Below are the records; copy exactly the stretch from the line containing "rewrite /dderiv; under" through the line containing "have hge : forall", both ends included, and nothing else.

[Stored items]
________
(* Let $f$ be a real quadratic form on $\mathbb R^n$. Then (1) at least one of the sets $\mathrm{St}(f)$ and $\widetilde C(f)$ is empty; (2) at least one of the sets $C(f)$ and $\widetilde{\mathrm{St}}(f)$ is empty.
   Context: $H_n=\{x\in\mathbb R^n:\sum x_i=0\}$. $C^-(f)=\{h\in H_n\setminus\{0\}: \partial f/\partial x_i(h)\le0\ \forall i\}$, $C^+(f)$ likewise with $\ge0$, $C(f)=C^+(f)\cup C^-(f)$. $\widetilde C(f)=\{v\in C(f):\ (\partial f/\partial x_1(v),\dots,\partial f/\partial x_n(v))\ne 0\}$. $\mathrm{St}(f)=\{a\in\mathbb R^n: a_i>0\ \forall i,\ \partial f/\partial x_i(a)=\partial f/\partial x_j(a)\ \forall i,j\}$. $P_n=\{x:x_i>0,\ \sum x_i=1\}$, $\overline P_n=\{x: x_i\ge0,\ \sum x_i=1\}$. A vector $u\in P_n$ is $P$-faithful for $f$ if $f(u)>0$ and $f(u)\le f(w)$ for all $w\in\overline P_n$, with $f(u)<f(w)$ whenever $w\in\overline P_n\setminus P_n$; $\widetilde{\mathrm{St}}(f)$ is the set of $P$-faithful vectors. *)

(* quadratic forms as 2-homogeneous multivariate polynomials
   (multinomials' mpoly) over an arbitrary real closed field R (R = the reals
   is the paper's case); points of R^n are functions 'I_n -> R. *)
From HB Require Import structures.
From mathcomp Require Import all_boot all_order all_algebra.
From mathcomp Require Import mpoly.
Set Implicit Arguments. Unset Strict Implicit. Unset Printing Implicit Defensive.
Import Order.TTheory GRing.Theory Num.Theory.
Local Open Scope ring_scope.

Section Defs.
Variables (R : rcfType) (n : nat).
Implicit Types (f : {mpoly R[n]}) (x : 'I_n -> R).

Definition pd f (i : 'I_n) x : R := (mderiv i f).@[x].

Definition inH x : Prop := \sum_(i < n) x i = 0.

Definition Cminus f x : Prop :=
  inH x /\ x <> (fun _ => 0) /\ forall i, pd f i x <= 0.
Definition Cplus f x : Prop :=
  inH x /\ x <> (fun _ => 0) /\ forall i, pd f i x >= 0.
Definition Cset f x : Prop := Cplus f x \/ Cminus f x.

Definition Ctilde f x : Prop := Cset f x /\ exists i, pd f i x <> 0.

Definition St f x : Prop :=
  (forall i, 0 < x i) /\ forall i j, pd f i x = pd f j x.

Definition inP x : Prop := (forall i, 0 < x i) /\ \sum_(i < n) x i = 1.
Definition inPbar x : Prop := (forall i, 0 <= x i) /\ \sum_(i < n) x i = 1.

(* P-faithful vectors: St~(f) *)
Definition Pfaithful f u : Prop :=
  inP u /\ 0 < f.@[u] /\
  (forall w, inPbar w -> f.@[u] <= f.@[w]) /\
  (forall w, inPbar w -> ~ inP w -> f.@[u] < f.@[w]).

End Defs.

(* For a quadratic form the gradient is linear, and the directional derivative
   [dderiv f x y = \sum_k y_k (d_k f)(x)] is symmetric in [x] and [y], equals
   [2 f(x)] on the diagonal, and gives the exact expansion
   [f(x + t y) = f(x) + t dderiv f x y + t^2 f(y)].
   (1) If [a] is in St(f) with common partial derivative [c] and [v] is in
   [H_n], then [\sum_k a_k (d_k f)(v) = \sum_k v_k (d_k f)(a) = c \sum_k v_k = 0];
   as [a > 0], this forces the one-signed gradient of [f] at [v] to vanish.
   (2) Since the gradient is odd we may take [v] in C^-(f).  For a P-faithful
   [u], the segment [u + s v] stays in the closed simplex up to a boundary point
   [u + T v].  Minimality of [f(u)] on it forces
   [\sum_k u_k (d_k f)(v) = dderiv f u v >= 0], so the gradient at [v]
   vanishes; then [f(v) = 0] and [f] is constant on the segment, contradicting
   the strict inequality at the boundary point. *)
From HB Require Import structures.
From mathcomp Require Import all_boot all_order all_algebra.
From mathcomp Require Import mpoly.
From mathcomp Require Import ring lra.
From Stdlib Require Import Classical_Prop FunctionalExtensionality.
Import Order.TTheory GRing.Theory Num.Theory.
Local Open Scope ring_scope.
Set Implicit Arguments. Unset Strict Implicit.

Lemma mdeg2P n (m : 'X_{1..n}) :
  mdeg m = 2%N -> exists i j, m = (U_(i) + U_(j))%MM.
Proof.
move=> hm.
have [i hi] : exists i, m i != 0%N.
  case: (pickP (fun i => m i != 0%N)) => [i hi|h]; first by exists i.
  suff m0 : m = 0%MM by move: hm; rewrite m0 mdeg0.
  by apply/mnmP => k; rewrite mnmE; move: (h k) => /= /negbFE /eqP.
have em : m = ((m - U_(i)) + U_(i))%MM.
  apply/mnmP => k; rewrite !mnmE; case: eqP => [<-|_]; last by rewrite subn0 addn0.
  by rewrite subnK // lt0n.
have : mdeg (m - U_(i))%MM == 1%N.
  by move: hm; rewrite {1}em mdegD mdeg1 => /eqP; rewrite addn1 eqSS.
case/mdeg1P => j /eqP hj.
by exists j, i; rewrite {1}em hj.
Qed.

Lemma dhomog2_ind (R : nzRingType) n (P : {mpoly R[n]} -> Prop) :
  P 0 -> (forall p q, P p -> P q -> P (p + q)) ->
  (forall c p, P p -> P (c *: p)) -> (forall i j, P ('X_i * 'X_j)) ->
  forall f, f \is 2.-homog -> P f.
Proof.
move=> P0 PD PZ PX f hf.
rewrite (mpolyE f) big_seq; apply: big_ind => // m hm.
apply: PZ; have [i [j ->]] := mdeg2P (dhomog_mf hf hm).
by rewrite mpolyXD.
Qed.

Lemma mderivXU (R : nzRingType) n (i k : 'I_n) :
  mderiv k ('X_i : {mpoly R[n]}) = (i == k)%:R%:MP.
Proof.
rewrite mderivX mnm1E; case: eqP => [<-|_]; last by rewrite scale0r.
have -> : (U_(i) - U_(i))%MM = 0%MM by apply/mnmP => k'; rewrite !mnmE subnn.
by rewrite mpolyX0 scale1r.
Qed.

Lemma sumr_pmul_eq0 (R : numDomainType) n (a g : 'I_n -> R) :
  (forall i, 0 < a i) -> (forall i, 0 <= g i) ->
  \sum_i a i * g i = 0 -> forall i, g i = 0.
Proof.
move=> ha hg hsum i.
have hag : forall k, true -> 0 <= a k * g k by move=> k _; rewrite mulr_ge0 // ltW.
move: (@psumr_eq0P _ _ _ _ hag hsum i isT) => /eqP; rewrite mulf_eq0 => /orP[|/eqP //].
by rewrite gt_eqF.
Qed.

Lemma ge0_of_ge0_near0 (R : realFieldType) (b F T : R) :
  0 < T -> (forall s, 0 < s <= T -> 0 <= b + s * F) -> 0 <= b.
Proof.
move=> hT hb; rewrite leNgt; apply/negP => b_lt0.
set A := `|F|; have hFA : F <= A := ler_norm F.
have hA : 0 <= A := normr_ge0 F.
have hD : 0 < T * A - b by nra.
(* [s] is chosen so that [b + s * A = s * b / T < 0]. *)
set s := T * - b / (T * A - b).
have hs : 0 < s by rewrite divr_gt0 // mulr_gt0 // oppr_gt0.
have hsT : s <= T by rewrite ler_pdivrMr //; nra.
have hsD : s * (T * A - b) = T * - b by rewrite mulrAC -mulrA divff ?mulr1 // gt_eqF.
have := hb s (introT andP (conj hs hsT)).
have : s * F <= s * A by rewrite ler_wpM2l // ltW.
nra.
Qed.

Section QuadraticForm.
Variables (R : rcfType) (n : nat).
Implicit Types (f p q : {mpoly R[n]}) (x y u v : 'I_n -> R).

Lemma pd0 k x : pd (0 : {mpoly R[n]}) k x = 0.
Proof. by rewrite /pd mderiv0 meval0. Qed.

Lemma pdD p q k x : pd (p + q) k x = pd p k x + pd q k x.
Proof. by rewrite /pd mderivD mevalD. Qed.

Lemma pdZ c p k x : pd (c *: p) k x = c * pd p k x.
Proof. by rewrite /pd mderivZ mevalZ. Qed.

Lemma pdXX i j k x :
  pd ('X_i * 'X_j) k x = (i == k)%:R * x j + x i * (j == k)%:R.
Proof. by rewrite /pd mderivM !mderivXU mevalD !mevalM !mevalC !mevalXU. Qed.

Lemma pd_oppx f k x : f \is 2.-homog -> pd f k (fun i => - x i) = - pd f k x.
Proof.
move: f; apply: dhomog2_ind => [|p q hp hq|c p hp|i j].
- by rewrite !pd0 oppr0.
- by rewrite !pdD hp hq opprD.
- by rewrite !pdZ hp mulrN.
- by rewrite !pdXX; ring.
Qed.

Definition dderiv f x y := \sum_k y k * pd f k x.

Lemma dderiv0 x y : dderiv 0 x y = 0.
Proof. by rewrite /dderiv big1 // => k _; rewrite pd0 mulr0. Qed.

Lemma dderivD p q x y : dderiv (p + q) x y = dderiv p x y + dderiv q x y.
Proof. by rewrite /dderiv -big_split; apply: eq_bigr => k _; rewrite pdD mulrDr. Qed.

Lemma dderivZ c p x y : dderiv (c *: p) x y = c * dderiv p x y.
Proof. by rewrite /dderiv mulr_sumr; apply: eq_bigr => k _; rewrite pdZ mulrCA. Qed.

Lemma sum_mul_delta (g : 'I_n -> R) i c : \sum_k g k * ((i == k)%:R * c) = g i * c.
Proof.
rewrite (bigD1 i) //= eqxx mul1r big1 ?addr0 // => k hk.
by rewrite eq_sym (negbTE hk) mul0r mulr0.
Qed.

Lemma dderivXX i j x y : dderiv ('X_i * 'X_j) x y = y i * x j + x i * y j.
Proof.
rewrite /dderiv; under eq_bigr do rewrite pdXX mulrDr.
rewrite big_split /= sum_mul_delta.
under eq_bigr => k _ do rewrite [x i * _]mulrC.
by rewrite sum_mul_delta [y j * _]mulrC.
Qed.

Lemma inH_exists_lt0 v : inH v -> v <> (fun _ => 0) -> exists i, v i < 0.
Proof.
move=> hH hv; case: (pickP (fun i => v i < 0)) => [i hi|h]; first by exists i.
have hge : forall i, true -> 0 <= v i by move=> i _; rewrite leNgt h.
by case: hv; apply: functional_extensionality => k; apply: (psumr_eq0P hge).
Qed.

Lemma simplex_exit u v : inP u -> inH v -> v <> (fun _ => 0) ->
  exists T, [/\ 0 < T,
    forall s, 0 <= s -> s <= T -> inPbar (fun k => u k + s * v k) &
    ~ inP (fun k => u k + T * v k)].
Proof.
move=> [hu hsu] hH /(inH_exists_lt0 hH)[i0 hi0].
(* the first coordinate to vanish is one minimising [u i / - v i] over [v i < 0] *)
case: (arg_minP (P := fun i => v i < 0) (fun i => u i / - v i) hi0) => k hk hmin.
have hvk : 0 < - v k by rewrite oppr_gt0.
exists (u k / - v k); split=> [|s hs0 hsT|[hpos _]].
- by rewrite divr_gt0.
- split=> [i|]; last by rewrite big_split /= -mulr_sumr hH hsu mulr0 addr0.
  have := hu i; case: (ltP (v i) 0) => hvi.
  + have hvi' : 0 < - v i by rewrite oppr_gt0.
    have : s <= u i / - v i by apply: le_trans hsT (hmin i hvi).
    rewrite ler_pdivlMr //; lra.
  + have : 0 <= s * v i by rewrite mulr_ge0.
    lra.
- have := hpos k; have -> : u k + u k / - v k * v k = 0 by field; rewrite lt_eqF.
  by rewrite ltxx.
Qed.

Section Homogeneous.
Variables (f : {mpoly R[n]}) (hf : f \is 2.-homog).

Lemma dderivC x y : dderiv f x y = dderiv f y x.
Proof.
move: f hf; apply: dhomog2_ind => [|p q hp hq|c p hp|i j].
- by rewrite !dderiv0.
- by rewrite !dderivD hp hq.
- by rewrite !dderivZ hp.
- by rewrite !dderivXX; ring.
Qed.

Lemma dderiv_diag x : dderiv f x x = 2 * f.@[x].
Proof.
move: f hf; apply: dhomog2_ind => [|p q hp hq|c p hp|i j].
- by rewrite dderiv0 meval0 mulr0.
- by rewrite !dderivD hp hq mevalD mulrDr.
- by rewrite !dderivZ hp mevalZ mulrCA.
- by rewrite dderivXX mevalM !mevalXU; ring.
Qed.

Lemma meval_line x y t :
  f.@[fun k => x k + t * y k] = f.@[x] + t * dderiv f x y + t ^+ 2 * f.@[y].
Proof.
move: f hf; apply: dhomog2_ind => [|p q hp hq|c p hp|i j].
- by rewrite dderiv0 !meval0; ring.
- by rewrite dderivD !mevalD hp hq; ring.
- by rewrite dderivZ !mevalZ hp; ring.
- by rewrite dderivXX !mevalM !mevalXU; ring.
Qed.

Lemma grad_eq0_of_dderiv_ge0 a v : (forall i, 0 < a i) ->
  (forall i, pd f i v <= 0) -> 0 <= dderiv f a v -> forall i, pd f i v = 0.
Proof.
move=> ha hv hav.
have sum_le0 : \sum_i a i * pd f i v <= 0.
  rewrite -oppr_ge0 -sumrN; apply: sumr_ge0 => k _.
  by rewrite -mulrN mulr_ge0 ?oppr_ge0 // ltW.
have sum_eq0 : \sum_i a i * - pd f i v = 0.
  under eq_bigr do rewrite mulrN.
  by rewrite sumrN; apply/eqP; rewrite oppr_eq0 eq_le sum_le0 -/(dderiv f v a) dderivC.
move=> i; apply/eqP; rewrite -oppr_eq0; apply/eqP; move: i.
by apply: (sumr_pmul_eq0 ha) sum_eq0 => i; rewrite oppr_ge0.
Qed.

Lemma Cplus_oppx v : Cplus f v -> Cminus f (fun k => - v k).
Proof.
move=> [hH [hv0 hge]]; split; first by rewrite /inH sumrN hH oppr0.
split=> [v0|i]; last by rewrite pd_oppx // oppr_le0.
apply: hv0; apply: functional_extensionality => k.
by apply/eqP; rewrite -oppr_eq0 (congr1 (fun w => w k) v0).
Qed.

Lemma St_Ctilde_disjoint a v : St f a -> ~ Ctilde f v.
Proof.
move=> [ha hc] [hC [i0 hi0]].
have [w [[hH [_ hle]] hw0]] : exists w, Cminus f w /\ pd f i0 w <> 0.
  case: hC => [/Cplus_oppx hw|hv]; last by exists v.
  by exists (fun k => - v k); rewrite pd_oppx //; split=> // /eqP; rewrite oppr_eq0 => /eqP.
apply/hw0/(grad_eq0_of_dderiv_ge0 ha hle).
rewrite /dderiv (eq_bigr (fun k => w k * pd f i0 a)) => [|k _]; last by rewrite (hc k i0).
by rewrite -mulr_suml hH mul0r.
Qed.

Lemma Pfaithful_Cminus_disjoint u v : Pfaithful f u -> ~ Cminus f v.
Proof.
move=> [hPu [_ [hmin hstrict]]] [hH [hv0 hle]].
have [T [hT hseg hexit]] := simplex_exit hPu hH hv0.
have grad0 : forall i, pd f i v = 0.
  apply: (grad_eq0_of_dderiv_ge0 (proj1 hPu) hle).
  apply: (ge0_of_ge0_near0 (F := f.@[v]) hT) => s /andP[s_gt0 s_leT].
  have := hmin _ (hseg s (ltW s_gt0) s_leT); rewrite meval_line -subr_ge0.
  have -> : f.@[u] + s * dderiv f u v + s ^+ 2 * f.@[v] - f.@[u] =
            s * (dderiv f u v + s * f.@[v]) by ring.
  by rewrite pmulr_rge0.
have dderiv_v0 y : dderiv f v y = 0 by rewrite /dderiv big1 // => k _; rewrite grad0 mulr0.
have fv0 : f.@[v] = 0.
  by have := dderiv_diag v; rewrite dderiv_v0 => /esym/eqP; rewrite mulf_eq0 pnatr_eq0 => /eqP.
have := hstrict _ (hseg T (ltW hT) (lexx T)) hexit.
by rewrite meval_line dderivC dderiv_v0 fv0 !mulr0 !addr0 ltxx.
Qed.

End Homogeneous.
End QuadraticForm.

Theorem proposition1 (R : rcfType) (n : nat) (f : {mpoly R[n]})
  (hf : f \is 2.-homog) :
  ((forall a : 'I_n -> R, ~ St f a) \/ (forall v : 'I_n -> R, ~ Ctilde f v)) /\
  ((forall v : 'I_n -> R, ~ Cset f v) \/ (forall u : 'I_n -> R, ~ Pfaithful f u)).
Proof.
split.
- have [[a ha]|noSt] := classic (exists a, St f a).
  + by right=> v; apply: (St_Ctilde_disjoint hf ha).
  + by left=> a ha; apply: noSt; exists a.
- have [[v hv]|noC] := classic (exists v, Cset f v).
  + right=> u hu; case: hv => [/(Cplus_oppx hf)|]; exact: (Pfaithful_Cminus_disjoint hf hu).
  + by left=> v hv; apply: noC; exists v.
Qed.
________
ANSWER BELOW:
rewrite /dderiv; under eq_bigr do rewrite pdXX mulrDr.
rewrite big_split /= sum_mul_delta.
under eq_bigr => k _ do rewrite [x i * _]mulrC.
by rewrite sum_mul_delta [y j * _]mulrC.
Qed.

Lemma inH_exists_lt0 v : inH v -> v <> (fun _ => 0) -> exists i, v i < 0.
Proof.
move=> hH hv; case: (pickP (fun i => v i < 0)) => [i hi|h]; first by exists i.
have hge : forall i, true -> 0 <= v i by move=> i _; rewrite leNgt h.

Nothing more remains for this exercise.